Ветер плохо его знал: он, кабы надо было, сам бы залез ветру в глотку, собой бы ему глотку заткнул, а все равно бы не дался, — так думал Динко. Динко чувствовал, что и он мог бы залезть кому-нибудь в глотку, если б надо было эту глотку заткнуть, но в чью глотку ему лезть и зачем, он еще не знал. В колодец? Нет, не в колодец. Колодец должен быть живым, Динко должен хранить его в тайне, прятать ночью под одеялом, прятать в доме и, если надо, хоть в дымовую трубу засунуть — туда, где таится дьявол и чихает по ночам.
По берегу торжественно вышагивает, высоко поднимая ноги, — наседка. Преисполненная куриной важности, болтливая, как старуха, наседка ни на миг не перестает внушать своим детям какие-то мудрые правила, известные ей одной. Штук пятнадцать утят — это и есть наседкины дети — весело бултыхаются в воде, задирая задики, крякают, разевая мягкие клювы, а наседка принимает их кряканье за знак согласия и продолжает свои наставления.
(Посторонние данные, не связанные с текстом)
Lemma coef_rcons_mul_integ s : ((size s).+2 <= d)%N -> coef (rcons s j) *m integ_mx = coef s.
Proof.
move=> le_sd; apply/rowP => k'; rewrite !mxE; under eq_bigr do rewrite !mxE.
rewrite (sum_enum_val (fun p => coef_at (rcons s j) p * integ_at p (enum_val k'))).
case: (enum_val k') => i' [[|k0] lt_k0d] /=.
  rewrite big1 => [|p _]; last by rewrite /integ_at /= andbF mulr0.
  by rewrite /coef_at /=; case: eqP => // d_eq; move: d_eq le_sd; lia.
rewrite -(pair_bigA _ (fun i k =>
  coef_at (rcons s j) (i, k) * integ_at (i, k) (i', Ordinal lt_k0d))).
have lt_k0 : (k0 < d.+1)%N by apply: ltnW.
rewrite (bigD1 i') //= [X in _ + X]big1 ?addr0 => [|i /negPf ne_i]; last first.
  by rewrite big1 // => k _; rewrite /integ_at /= ne_i mulr0.
rewrite (bigD1 (Ordinal lt_k0)) //= [X in _ + X]big1 ?addr0 => [|k /eqP ne_k]; last first.
  rewrite /integ_at /= eqxx /=; case: eqP => [[k_eq]|]; last by rewrite mulr0.
  by case: ne_k; apply: val_inj.
rewrite /integ_at /coef_at /= !eqxx /= size_rcons -!cats1 !big_cat !big_seq1 /=.
have -> : (k0 == d - (size s).+2)%N = (k0.+1 == d - (size s).+1)%N by apply/eqP/eqP; lia.
case: eqP => [k0_eq|]; last by rewrite mul0r.
rewrite ffactnSr -k0_eq natrM.
have [->|Lj_neq0] := eqVneq (L i' j) 0; first by rewrite !mulr0 mul0r.
by field; rewrite Lj_neq0 nat1r char0_natr_eq0.
Qed.

Lemma coef_eq0 s : (d < (size s).+1)%N -> coef s = 0.
Proof.
move=> lt_ds; apply/rowP => k; rewrite !mxE /coef_at.
by case: ifP => // _; rewrite ffact_small // mulr0 mul0r.
Qed.

Definition unit_coef (i : 'I_r) : 'rV[R]_#|{: I}| := \row_k ((enum_val k == (i, ord0))%:R).

Definition const_space := <<map unit_coef (enum 'I_r)>>%VS.

Lemma dim_const_space : (\dim const_space <= r)%N.
Proof. by apply: leq_trans (dim_span _) _; rewrite size_map size_enum_ord. Qed.
(* [m] is the intersection of all strong monos through which [f] factors; if two maps
   agree on the factor [e], their equalizer is such a strong mono, hence it contains [m]. *)
Lemma epi_strong_mono_factorization : finitely_well_complete C ->
  forall (a b : C) (f : hom a b), exists (c : C) (e : hom a c) (m : hom c b),
      is_epi e /\ is_strong_mono m /\ f = m ∘ e.
Proof.
  intros [Hfl Hsi] a b f.
  pose (Ix := {c : C & {mm : hom c b & {u : hom a c | is_strong_mono mm /\ mm ∘ u = f}}}).
  pose (bI := fun i : Ix => projT1 i).
  pose (mI := fun i : Ix => projT1 (projT2 i) : hom (bI i) b).
  pose (uI := fun i : Ix => proj1_sig (projT2 (projT2 i)) : hom a (bI i)).
  assert (HmI : forall i, is_strong_mono (mI i)).
  { intros i. exact (proj1 (proj2_sig (projT2 (projT2 i)))). }
  assert (HuI : forall i, mI i ∘ uI i = f).
  { intros i. exact (proj2 (proj2_sig (projT2 (projT2 i)))). }
  destruct (Hsi Ix b bI mI HmI) as [p [pa [pi Hint]]].
  assert (Hpa := intersection_strong_mono HmI Hint).
  destruct Hint as [Hc Hu].
  destruct (Hu a f uI HuI) as [u0 [[U1 U2] _]].
  exists p, u0, pa. split; [|split; [exact Hpa | symmetry; exact U1]].
  intros z g h H.
  destruct (equalizer_exists Hfl g h) as [E [k [Hk [Hkm Hku]]]].
  assert (Hks := equalizer_strong_mono g h Hk Hkm Hku).
  destruct (Hku a u0 H) as [w Hw].
  assert (Hs : is_strong_mono (pa ∘ k)) by (apply strong_mono_comp; assumption).
  assert (Hf : (pa ∘ k) ∘ w = f) by (rewrite <- compA, Hw; exact U1).
  pose (i0 := existT (fun c : C => {mm : hom c b & {u : hom a c | is_strong_mono mm /\ mm ∘ u = f}})
                E (existT _ (pa ∘ k) (exist _ w (conj Hs Hf))) : Ix).
  assert (Hi0 : pa ∘ (k ∘ pi i0) = pa ∘ idm p) by (rewrite comp_id, compA; exact (Hc i0)).
  apply (proj1 Hpa) in Hi0.
  rewrite <- (comp_id g), <- (comp_id h), <- Hi0, !compA, Hk. reflexivity.
Qed.
Lemma muni0_eq0 p : (muni0 p == 0) = (p == 0).
Proof.
apply/eqP/eqP => [p0|->]; last exact: rmorph0.
have idX : mmap (@mpolyC _ R) (fun i => 'X_i) p = p.
  by rewrite -[RHS]comp_mpoly_id; apply: eq_mmap => i; rewrite tnth_mktuple.
by rewrite -idX mmap_muni0 p0 rmorph0 horner0.
Qed.

End FirstVariable.

Lemma pchar_mpoly (R : nzRingType) n : [pchar {mpoly R[n]}] =i [pchar R].
Proof. by move=> p; rewrite !inE -mpolyC_nat mpolyC_eq0. Qed.

Lemma size_deriv_pchar0 (R : idomainType) (p : {poly R}) :
  [pchar R] =i pred0 -> size p^`() = (size p).-1.
Proof.
move=> /pcharf0P charR; have [le_p1|lt_1p] := leqP (size p) 1.
  by rewrite {1}[p]size1_polyC // derivC size_poly0 -subn1 (eqnP le_p1).
have e : (size p).-2.+1 = (size p).-1 by case: (size p) lt_1p => [|[|]].
rewrite size_poly_eq // -mulr_natr e mulf_neq0 ?charR //.
  by rewrite -lead_coefE lead_coef_eq0 -size_poly_eq0 -lt0n ltnW.
by case: (size p) lt_1p => [|[|]].
Qed.

Lemma exists_coef_dvd_root (R : idomainType) (Q : {poly R}) u :
  Q != 0 -> u != 0 -> root Q u -> exists2 i, Q`_i != 0 & exists r, Q`_i = u * r.
Proof.
elim/poly_ind: Q => [|Q c IH]; first by rewrite eqxx.
move=> Qn0 un0 /rootP; rewrite hornerMXaddC.
have [c0 Qu|cn0 Qu] := eqVneq c 0.
  move: Qn0 Qu; rewrite c0 polyC0 !addr0 mulf_eq0 polyX_eq0 orbF => Qn0 /eqP.
  rewrite mulf_eq0 (negbTE un0) orbF => Qu0.
  have [i Qi dvd_Qi] := IH Qn0 un0 Qu0.
  by exists i.+1; rewrite coefMX.
exists 0%N; rewrite coefD coefMX coefC add0r //.
by exists (- Q.[u]); apply/eqP; rewrite mulrN -addr_eq0 addrC mulrC Qu.
Qed.

Lemma exists_kernel_rV (F : fieldType) p q (M : 'M[F]_(p, q)) :
  (q < p)%N -> exists2 v : 'rV_p, v != 0 & v *m M = 0.
Proof.
move=> lt_qp; have : kermx M != 0.
  by rewrite -mxrank_eq0 mxrank_ker subn_eq0 -ltnNge (leq_ltn_trans (rank_leq_col M)).
by case/rowV0Pn => v /sub_kermxP vM vn0; exists v.
Qed.

Lemma leq_expn2r e m1 m2 : (m1 <= m2)%N -> (m1 ^ e <= m2 ^ e)%N.
Proof. by move=> le_m12; elim: e => // e IHe; rewrite !expnS leq_mul. Qed.

Section TotalDegree.
Variables (R : nzRingType) (n : nat).
Implicit Types (p q : {mpoly R[n]}).

Definition mdeg_le D p := forall mu, mu \in msupp p -> (mdeg mu <= D)%N.

Lemma mdeg_le_msize p : mdeg_le (msize p) p.
Proof. by move=> mu /msize_mdeg_lt /ltnW. Qed.

Lemma mdeg_le_trans D D' p : (D <= D')%N -> mdeg_le D p -> mdeg_le D' p.
Proof. by move=> le_DD' p_le mu /p_le /leq_trans; apply. Qed.

Lemma mdeg_le1 : mdeg_le 0 (1 : {mpoly R[n]}).
Proof. by move=> mu; rewrite -mpolyC1 msupp1 inE => /eqP ->; rewrite mdeg0. Qed.

Lemma mdeg_leM D1 D2 p q :
  mdeg_le D1 p -> mdeg_le D2 q -> mdeg_le (D1 + D2) (p * q).
Proof.
move=> p_le q_le mu /msuppM_le /allpairsP [[mu1 mu2] /= [mu1p mu2q ->]].
by rewrite mdegD leq_add ?p_le ?q_le.
Qed.

Lemma mdeg_leX D p k : mdeg_le D p -> mdeg_le (k * D) (p ^+ k).
Proof.
move=> p_le; elim: k => [|k IHk]; first by rewrite expr0 mul0n; exact: mdeg_le1.
by rewrite exprS mulSn; apply: mdeg_leM.
Qed.

End TotalDegree.

(** * Algebraic dependence over K *)

Section AlgebraicDependence.
Variables (K : fieldType) (n : nat).
Local Notation A := {mpoly K[n]}.
Implicit Types (m : nat) (u : A).

Definition alg_indep m (t : m.-tuple A) :=
  forall P : {mpoly K[m]}, P \mPo t = 0 -> P = 0.

Definition in_subalg m (t : m.-tuple A) (a : A) := exists P : {mpoly K[m]}, a = P \mPo t.

Definition alg_over m (t : m.-tuple A) u :=
  exists2 Q : {poly A}, Q != 0 & (forall i, in_subalg t Q`_i) /\ root Q u.

Lemma exists_alg_relation m (t : m.-tuple A) :
  ~ alg_indep t -> exists2 P, P != 0 & P \mPo t = 0.
Proof.
move=> dep; apply: NNPP => noP; apply: dep => P Pt.
by have [//|Pn0] := eqVneq P 0; case: noP; exists P.
Qed.

Lemma alg_indep_nil : alg_indep ([tuple] : 0.-tuple A).
Proof.
by move=> P; rewrite -[P]mpolyKC comp_mpolyC => /eqP; rewrite mpolyC_eq0 => /eqP ->.
Qed.

Lemma alg_indep_uniq m (t : m.-tuple A) : alg_indep t -> uniq t.
Proof.
move=> indep; apply: contraT => /(uniqPn 0) [i [j [lt_ij lt_j eq_ij]]].
have lt_i := ltn_trans lt_ij lt_j; rewrite size_tuple in lt_i lt_j.
have := indep ('X_(Ordinal lt_i) - 'X_(Ordinal lt_j)).
rewrite rmorphB /= !comp_mpolyXU eq_ij subrr => /(_ erefl).
move/(congr1 (mcoeff U_(Ordinal lt_i))); rewrite mcoeffB !mcoeffXU mcoeff0 eqxx.
by rewrite -val_eqE /= gtn_eqF // subr0 => /eqP; rewrite oner_eq0.
Qed.

Lemma in_subalg_subset m1 m2 (s : m1.-tuple A) (t : m2.-tuple A) (a : A) :
  {subset s <= t} -> in_subalg s a -> in_subalg t a.
Proof.
move=> st [P ->].
elim/mpoly_gen_ind: P => [c|i|P Q [P' eP] [Q' eQ]|P Q [P' eP] [Q' eQ]].
- by exists c%:MP; rewrite !comp_mpolyC.
- have /tnthP [j ej] := st _ (mem_tnth i s).
  by exists 'X_j; rewrite !comp_mpolyXU -!tnth_nth ej.
- by exists (P' + Q'); rewrite !rmorphD /= eP eQ.
- by exists (P' * Q'); rewrite !rmorphM /= eP eQ.
Qed.

Lemma alg_over_subset m1 m2 (s : m1.-tuple A) (t : m2.-tuple A) u :
  {subset s <= t} -> alg_over s u -> alg_over t u.
Proof.
move=> st [Q Qn0 [Qs Qu]]; exists Q => //; split=> // i.
exact: in_subalg_subset st (Qs i).
Qed.

Lemma alg_over_mem m (t : m.-tuple A) u : u \in t -> alg_over t u.
Proof.
case/tnthP=> j ->; exists ('X - (tnth t j)%:P); first by rewrite polyXsubC_eq0.
split; last by rewrite root_XsubC.
have -> : 'X - (tnth t j)%:P = map_poly (comp_mpoly t) ('X - ('X_j)%:P).
  by rewrite rmorphB /= map_polyX map_polyC /= comp_mpolyXU -tnth_nth.
by move=> i; rewrite coef_map; exists ('X - ('X_j)%:P)`_i.
Qed.

Lemma alg_over_of_dep m (t : m.-tuple A) u :
  alg_indep t -> ~ alg_indep [tuple of u :: t] -> alg_over t u.
Proof.
move=> indep /exists_alg_relation [P Pn0 Pu].
have uniPn0 : muni0 P != 0 by rewrite muni0_eq0.
exists (map_poly (comp_mpoly t) (muni0 P)); [|split].
- apply: contra uniPn0 => /eqP Q0; rewrite -lead_coef_eq0; apply/eqP/indep.
  by rewrite lead_coefE -coef_map Q0 coef0.
- by move=> i; rewrite coef_map; exists (muni0 P)`_i.
- rewrite /root -Pu /comp_mpoly mmap_muni0 tnth0.
  by rewrite (eq_map_poly (eq_mmap _ (tnthS u t))).
Qed.

Lemma alg_over_dvd m (t : m.-tuple A) u : u != 0 -> alg_over t u ->
  exists2 c, in_subalg t c & c != 0 /\ exists r, c = u * r.
Proof.
move=> un0 [Q Qn0 [Qt Qu]].
by have [i Qi dvd_Qi] := exists_coef_dvd_root Qn0 un0 Qu; exists Q`_i.
Qed.

Lemma mdeg_le_comp_mpolyX m (t : m.-tuple A) e (mu : 'X_{1..m}) :
  (forall i, mdeg_le e (tnth t i)) -> mdeg_le (mdeg mu * e) ('X_[mu] \mPo t).
Proof.
move=> t_le; rewrite comp_mpolyX mdegE big_distrl /=.
apply: (big_ind2 (fun D p => mdeg_le D p)); first exact: mdeg_le1.
  by move=> D1 p D2 q; apply: mdeg_leM.
by move=> i _; apply: mdeg_leX.
Qed.

Lemma alg_dep_of_box m (t : m.-tuple A) k B : (B ^ n < k ^ m)%N ->
  (forall (f : {ffun 'I_m -> 'I_k}) nu,
     nu \in msupp ('X_[[multinom (f i : nat) | i < m]] \mPo t) ->
     forall i, (nu i < B)%N) ->
  ~ alg_indep t.
Proof.
move=> card_lt box indep.
pose SI := {ffun 'I_m -> 'I_k}; pose TI := {ffun 'I_n -> 'I_B}.
pose ms (f : SI) : 'X_{1..m} := [multinom (f i : nat) | i < m].
pose mt (g : TI) : 'X_{1..n} := [multinom (g i : nat) | i < n].
have ms_inj : injective ms.
  move=> f1 f2 /mnmP e12; apply/ffunP => i; apply/val_inj.
  by have := e12 i; rewrite !mnmE.
pose M := \matrix_(a < #|SI|, b < #|TI|)
  ('X_[ms (enum_val a)] \mPo t)@_(mt (enum_val b)).
have [v vn0 vM] : exists2 v : 'rV_#|SI|, v != 0 & v *m M = 0.
  by apply: exists_kernel_rV; rewrite !card_ffun !card_ord.
pose P := \sum_a v 0 a *: 'X_[ms (enum_val a)].
have coefP a : P@_(ms (enum_val a)) = v 0 a.
  rewrite raddf_sum (bigD1 a) //= big1 ?addr0 => [|a' ne_a'a].
    by rewrite mcoeffZ mcoeffX eqxx mulr1.
  by rewrite mcoeffZ mcoeffX (inj_eq ms_inj) (inj_eq enum_val_inj) (negbTE ne_a'a) mulr0.
have /indep P0 : P \mPo t = 0.
  apply/mpolyP => nu; rewrite mcoeff0 rmorph_sum raddf_sum /=.
  under eq_bigr do rewrite comp_mpolyZ mcoeffZ.
  have [/forallP nu_lt | /forallPn [i nu_ge]] := boolP [forall i, nu i < B]%N.
    pose g : TI := [ffun i => Ordinal (nu_lt i)].
    have -> : nu = mt g by apply/mnmP => i; rewrite mnmE ffunE.
    have := congr1 (fun w : 'rV_#|TI| => w 0 (enum_rank g)) vM.
    rewrite !mxE => vMg; rewrite -[RHS]vMg; apply: eq_bigr => a _.
    by rewrite mxE enum_rankK.
  rewrite big1 // => a _; rewrite memN_msupp_eq0 ?mulr0 //.
  by apply: contra nu_ge => /box; apply.
move/negP: vn0; apply; apply/eqP/rowP => a.
by rewrite mxE -coefP P0 mcoeff0.
Qed.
Глупая курица, думает мальчик, не понимает, что утята так и останутся в воде, что никогда они не будут слушаться мать, как и мать их никогда не поймет уток. Но сейчас это, разумеется, не мешает ей чувствовать себя предводительницей пушистого утячьего стада.
Мальчик видит, как дед несет козье молоко, и находит какое-то сходство между ним и наседкой. Старость болтлива, и каждый болтает о своем. Утята не слушают болтовню наседки. Утята заплывают все дальше от берега, исполненные глупого любопытства. Мальчик, прищурившись, посмотрел вдаль и увидел, как от острова отделились две точки и двинулись по воде в его сторону… Отец возвращается!
Кожа на лбу его зашевелилась, пытаясь сложиться в такие же морщины, какие пролегли на отцовском лбу. Морщин не получилось, но лицо мальчика стало намеком на отцовское, как в бутоне мы видим намек на розу.
Иван Ефрейторов скосил до обеда траву и отправился домой. Через два дня он сгребет ее и сложит два стога, которые нужны ему на зиму. Потом он поедет в город на черепичную фабрику, возьмет телегу черепицы и вместе с мальчиком и стариком покроет дом, раскрытый ветрами. Лошади плыли спокойно, они привыкли к воде, не впервой им было совершать этот рейс. Вдали виднелись холм, дом Ивана и мальчик. Дом продолжал дымиться. Дым подсказывал крестьянину, что жизнь идет, и вселял в него спокойствие.